> [Task description]
Please print the entries below exactly, from the line with "Lemma num_configs_npackings s" through the line with "[exact: (fit_of _", including both of those lines and leaving out all others.
Dataset records START
(* Let $n,m$ be positive integers, let $S\subseteq S_n$ be a subset of the symmetric group containing the identity, and let $G\le S_n$ be the subgroup generated by $S$. The player can win the $(S,m)$-game if and only if $|G|=1$, or $m=1$, or $(|G|,m)=(p^a,p^b)$ for some prime $p$ and positive integers $a,b$.
   Context: The $(S,m)$-game: $n$ counters sit at positions $1,\dots,n$ (labels fixed from the player's perspective), each showing an element of $\mathbb{Z}_m$, so a configuration is a vector in $\mathbb{Z}_m^n$. The initial configuration is arbitrary and unknown to the player. Each turn the player chooses a move $y\in\mathbb{Z}_m^n$, added coordinatewise to the configuration; then an arbitrary, adversarially chosen permutation $\sigma\in S$ (possibly different each turn) is applied to the counters: the configuration $x$ is replaced by $x'$ with $x'_{\sigma(i)}=x_i$ for all $i$. The player wins if at some moment (including initially) all counters show $0$. A strategy is a finite sequence of moves $y_1,\dots,y_N$ (the player receives no information); it is winning if for every initial configuration and every choice of permutations the configuration equals the zero vector at some time. ''The player can win'' means a winning finite sequence exists. *)

From mathcomp Require Import all_boot all_order all_fingroup.
Set Implicit Arguments. Unset Strict Implicit. Unset Printing Implicit Defensive.
Import GroupScope.

(* Elements of Z_m are represented by natural numbers, read modulo m.
   A configuration / move is a function 'I_n -> nat (counter values mod m). *)

Definition config (n : nat) := 'I_n -> nat.

(* One turn: add the move y coordinatewise, then apply sigma to the counters:
   x'_{sigma i} = x_i, i.e. x'_j = x_{sigma^-1 j}. Values reduced mod m. *)
Definition step (n m : nat) (sigma : {perm 'I_n}) (y x : config n) : config n :=
  fun j => (x (sigma^-1 j) + y (sigma^-1 j)) %% m.

Fixpoint conf (n m : nat) (x0 : config n) (ys : seq (config n))
    (sig : nat -> {perm 'I_n}) (k : nat) : config n :=
  match k with
  | 0 => x0
  | k'.+1 => step m (sig k') (nth (fun _ => 0) ys k') (conf m x0 ys sig k')
  end.
Lemma num_configs_npackings s : num_configs k s n m = npackings k m n s pred0.
Proof.
rewrite /num_configs /npackings sum1dep_card.
set Packs := [set P | packing k s pred0 P].
have fit_of P : P \in Packs -> forall p, p \in P -> fits k p.
  by rewrite inE => /and3P[_ /forall_inP adm _] p /adm /andP[].
have packs_inj : {in Packs &, injective (fun P : {set placement m n} => kmer_of @: P)}.
  move=> P Q P_pack Q_pack; apply: (imset_inj_in kmer_of_inj); apply/subsetP => p;
    [exact: (fit_of _ P_pack p) | exact: (fit_of _ Q_pack p)].
rewrite -(card_in_imset packs_inj); apply: eq_card => Q; rewrite inE.
apply/idP/imsetP => [Q_conf|[P P_pack ->]]; last first.
  by rewrite /= (is_config_kmer_of s (fit_of _ P_pack)); rewrite inE in P_pack.
set P := [set p | fits k p && (kmer_of p \in Q)].
have P_fit p : p \in P -> fits k p by rewrite inE => /andP[].
have EQ : kmer_of @: P = Q.
  apply/setP => A; apply/imsetP/idP => [[p] | A_in]; first by rewrite inE => /andP[_ ?] ->.
  case/and3P: Q_conf => /forall_inP/(_ A A_in)/is_kmerP[p p_fit pA] _ _; subst A.
  by exists p; rewrite // inE p_fit.
by exists P; rewrite // inE -(is_config_kmer_of s P_fit) EQ.
Qed.

End Configurations.

Definition transpose_placement {n m : nat} (p : placement m n) : placement n m :=
  (p.2.2, (~~ p.2.1, p.1)).

Section Transposition.
Variables k n m : nat.

Lemma transpose_placementK : cancel (@transpose_placement n m) (@transpose_placement m n).
Proof. by case=> r [o c]; rewrite /transpose_placement /= negbK. Qed.

Lemma cell_transpose (r : 'I_n) o (c : 'I_m) j :
  cell c (~~ o, r) j = ((cell r (o, c) j).2, (cell r (o, c) j).1).
Proof. by case: o. Qed.

Lemma overlap_transpose (r r' : 'I_n) o o' (c c' : 'I_m) :
  overlap k c (~~ o, r) c' (~~ o', r') = overlap k r (o, c) r' (o', c').
Proof.
apply: eq_existsb => j'; apply: eq_existsb => j.
by rewrite !cell_transpose !xpair_eqE andbC.
Qed.

Lemma packing_transpose s (P : {set placement m n}) :
  packing k s pred0 (transpose_placement @: P) = packing k s pred0 P.
Proof.
have tp_inj := can_inj transpose_placementK.
rewrite /packing card_imset // !forall_imset; congr [&& _, _ & _].
  by apply: eq_forallb_in => -[r [[] c]] _; rewrite /admissible !hits_pred0.
apply: eq_forallb_in => -[r [o c]] _; rewrite forall_imset.
by apply: eq_forallb_in => -[r' [o' c']] _; rewrite /apart (inj_eq tp_inj) overlap_transpose.
Qed.
End Transposition.

Lemma npackings_transpose k n m s : npackings k m n s pred0 = npackings k n m s pred0.
Proof.
have tp_bij : bijective (fun Q : {set placement n m} => transpose_placement @: Q).
  exists (fun P : {set placement m n} => transpose_placement @: P) => P;
    rewrite -imset_comp;
    by under eq_imset => p do rewrite /= transpose_placementK; rewrite imset_id.
rewrite /npackings (reindex _ (onW_bij _ tp_bij)).
by apply: eq_bigl => Q; rewrite packing_transpose.
Qed.

Local Open Scope ring_scope.

Theorem corollary1 (k s n m : nat) (hk : (2 <= k)%N)
  (hn : ((k.+1) * s + 1 <= n)%N) (hm : ((k.+1) * s + 1 <= m)%N) :
  \sum_(i < (2 * s + 1).+1)
     (-1) ^+ i * ('C(2 * s + 1, i))%:Z * (num_configs k s (n - i) (m - i))%:Z = 0 :> int.
Proof.
have k_gt0 : (0 < k)%N by lia.
pose a x y := Posz (num_configs k s x y).
have no_cells (z : nat * nat) : pred0 z -> (z.1 < 0)%N by [].
have rows x y : (k.-1 * s + s.+1 <= x)%N -> bdiff s.+1 (a^~ y) x = 0.
  move=> le_x; rewrite (@eq_bdiff _ _ (fun x => Posz (npackings k y x s pred0))).
    by apply: (bdiff_npackings _ k_gt0 no_cells); lia.
  by move=> x'; rewrite /a num_configs_npackings.
have cols x y : (k.-1 * s + s.+1 <= y)%N -> bdiff s.+1 (a x) y = 0.
  move=> le_y; rewrite (@eq_bdiff _ _ (fun y => Posz (npackings k x y s pred0))).
    by apply: (bdiff_npackings _ k_gt0 no_cells); lia.
  by move=> y'; rewrite /a num_configs_npackings // (npackings_transpose k x y').
have := diffn_diag_eq0 rows cols (x := n) (y := m).
by rewrite (_ : ((s.+1 + s.+1).-1 = 2 * s + 1)%N); [apply; lia | lia].
Qed.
Dataset records END
> [Reply]
Lemma num_configs_npackings s : num_configs k s n m = npackings k m n s pred0.
Proof.
rewrite /num_configs /npackings sum1dep_card.
set Packs := [set P | packing k s pred0 P].
have fit_of P : P \in Packs -> forall p, p \in P -> fits k p.
  by rewrite inE => /and3P[_ /forall_inP adm _] p /adm /andP[].
have packs_inj : {in Packs &, injective (fun P : {set placement m n} => kmer_of @: P)}.
  move=> P Q P_pack Q_pack; apply: (imset_inj_in kmer_of_inj); apply/subsetP => p;
    [exact: (fit_of _ P_pack p) | exact: (fit_of _ Q_pack p)].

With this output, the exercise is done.